→ **Data shown**:
Lemma GNE_share i j : (i < n)%nat -> (j < m)%nat -> x i j = share i j (total n x j).
Proof.
  intros Hi Hj.
  destruct (omega_spec i j Hi Hj) as [Hom HF0].
  assert (Hb := GNE_range i j Hi Hj).
  assert (Ho := others_total n x i j Hi).
  set (T := total n x j) in *.
  unfold share. destruct (Rlt_dec T (omega i j)) as [HT|HT].
  - assert (Hact : active n omega x i j) by (unfold active; lra).
    assert (Hx0 := GNE_active_neq0 i j Hi Hj Hact).
    assert (HFOC := typeI_first_order i j Hi Hj Hact Hx0).
    assert (0 < x i j) by (destruct (proj1 Hb); [assumption | congruence]).
    assert (x i j <= T) by (apply total_ge; auto).
    assert (D : Derive (F i j) T < 0) by (apply Derive_Feff_lt0; auto; lra).
    apply Rmult_eq_reg_r with (- Derive (F i j) T); [| lra].
    unfold Rdiv. rewrite Rmult_assoc, Rinv_l by lra. fold T in HFOC. lra.
  - destruct (Rlt_dec (others n x i j) (omega i j)) as [Hact|Hna];
      [| apply GNE_inactive_eq0; auto].
    destruct (Req_EM_T (x i j) 0) as [|Hx0]; [assumption | exfalso].
    destruct Hx as [_ Hg]. destruct (Hg i Hi) as [[_ Hv] _].
    destruct (proj1 (Hv j Hj) Hact) as [_ Hcap].
    assert (HTom : T = omega i j) by lra.
    assert (HFOC := typeI_first_order i j Hi Hj Hact Hx0). fold T in HFOC.
    rewrite HTom, HF0 in HFOC.
    assert (Derive (F i j) (omega i j) < 0) by (apply Derive_Feff_lt0; auto).
    assert (x i j * Derive (F i j) (omega i j) < 0) by (apply Rmult_pos_neg; lra).
    lra.
Qed.

Lemma total_gt0 j : (1 <= n)%nat -> (j < m)%nat -> 0 < total n x j.
Proof.
  intros Hn Hj. assert (H0 : (0 < n)%nat) by lia.
  destruct (omega_spec 0 j H0 Hj) as [Hom _].
  assert (Hle := total_ge 0 j H0 Hj).
  destruct (Rlt_dec (total n x j) (omega 0 j)) as [HT|HT]; [| lra].
  assert (Hact : active n omega x 0 j).
  { unfold active. rewrite (others_total n x 0 j H0).
    destruct (GNE_range 0 j H0 Hj). lra. }
  assert (Hx0 := GNE_active_neq0 0 j H0 Hj Hact).
  destruct (GNE_range 0 j H0 Hj). lra.
Qed.

End TypeIEquilibrium.

End FragileGame.

Theorem theorem9 (n m : nat) (Rr p : nat -> R -> R) (a k : nat -> R)
    (omega : nat -> nat -> R) :
  (1 <= n)%nat -> (1 <= m)%nat ->
  game_assumption n m Rr p a k omega ->
  forall x y : nat -> nat -> R,
    is_GNE n m Rr p a k omega x ->
    (forall i, (i < n)%nat -> typeI n m Rr p a k omega x i) ->
    is_GNE n m Rr p a k omega y ->
    (forall i, (i < n)%nat -> typeI n m Rr p a k omega y i) ->
    forall i j, (i < n)%nat -> (j < m)%nat -> x i j = y i j.
Proof.
  intros Hn _ Hgame x y Hx HxI Hy HyI i j Hi Hj.
  pose proof (GNE_share _ _ _ _ _ _ _ Hgame x Hx HxI) as Hsx.
  pose proof (GNE_share _ _ _ _ _ _ _ Hgame y Hy HyI) as Hsy.
  assert (Htotal : total n x j = total n y j).
  { apply (sumR_antitone_fixpoint_unique n (fun l => share Rr p a k omega l j)).
    - intros l u v Hl. apply (share_antitone _ _ _ _ _ _ _ Hgame); auto.
    - apply (total_gt0 _ _ _ _ _ _ _ Hgame x Hx HxI); auto.
    - apply (total_gt0 _ _ _ _ _ _ _ Hgame y Hy HyI); auto.
    - apply sumR_ext. intros l Hl. apply Hsx; auto.
    - apply sumR_ext. intros l Hl. apply Hsy; auto. }
  rewrite (Hsx i j Hi Hj), (Hsy i j Hi Hj), Htotal. reflexivity.
Qed.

→ **Task statement**:
From the listing above, repeat exactly the lines starting at the line that includes "destruct (omega_spec i" and ending at the line that includes "[| apply GNE_inactive_eq0; auto].", with nothing outside that span.

→ **Task response**:
  destruct (omega_spec i j Hi Hj) as [Hom HF0].
  assert (Hb := GNE_range i j Hi Hj).
  assert (Ho := others_total n x i j Hi).
  set (T := total n x j) in *.
  unfold share. destruct (Rlt_dec T (omega i j)) as [HT|HT].
  - assert (Hact : active n omega x i j) by (unfold active; lra).
    assert (Hx0 := GNE_active_neq0 i j Hi Hj Hact).
    assert (HFOC := typeI_first_order i j Hi Hj Hact Hx0).
    assert (0 < x i j) by (destruct (proj1 Hb); [assumption | congruence]).
    assert (x i j <= T) by (apply total_ge; auto).
    assert (D : Derive (F i j) T < 0) by (apply Derive_Feff_lt0; auto; lra).
    apply Rmult_eq_reg_r with (- Derive (F i j) T); [| lra].
    unfold Rdiv. rewrite Rmult_assoc, Rinv_l by lra. fold T in HFOC. lra.
  - destruct (Rlt_dec (others n x i j) (omega i j)) as [Hact|Hna];
      [| apply GNE_inactive_eq0; auto].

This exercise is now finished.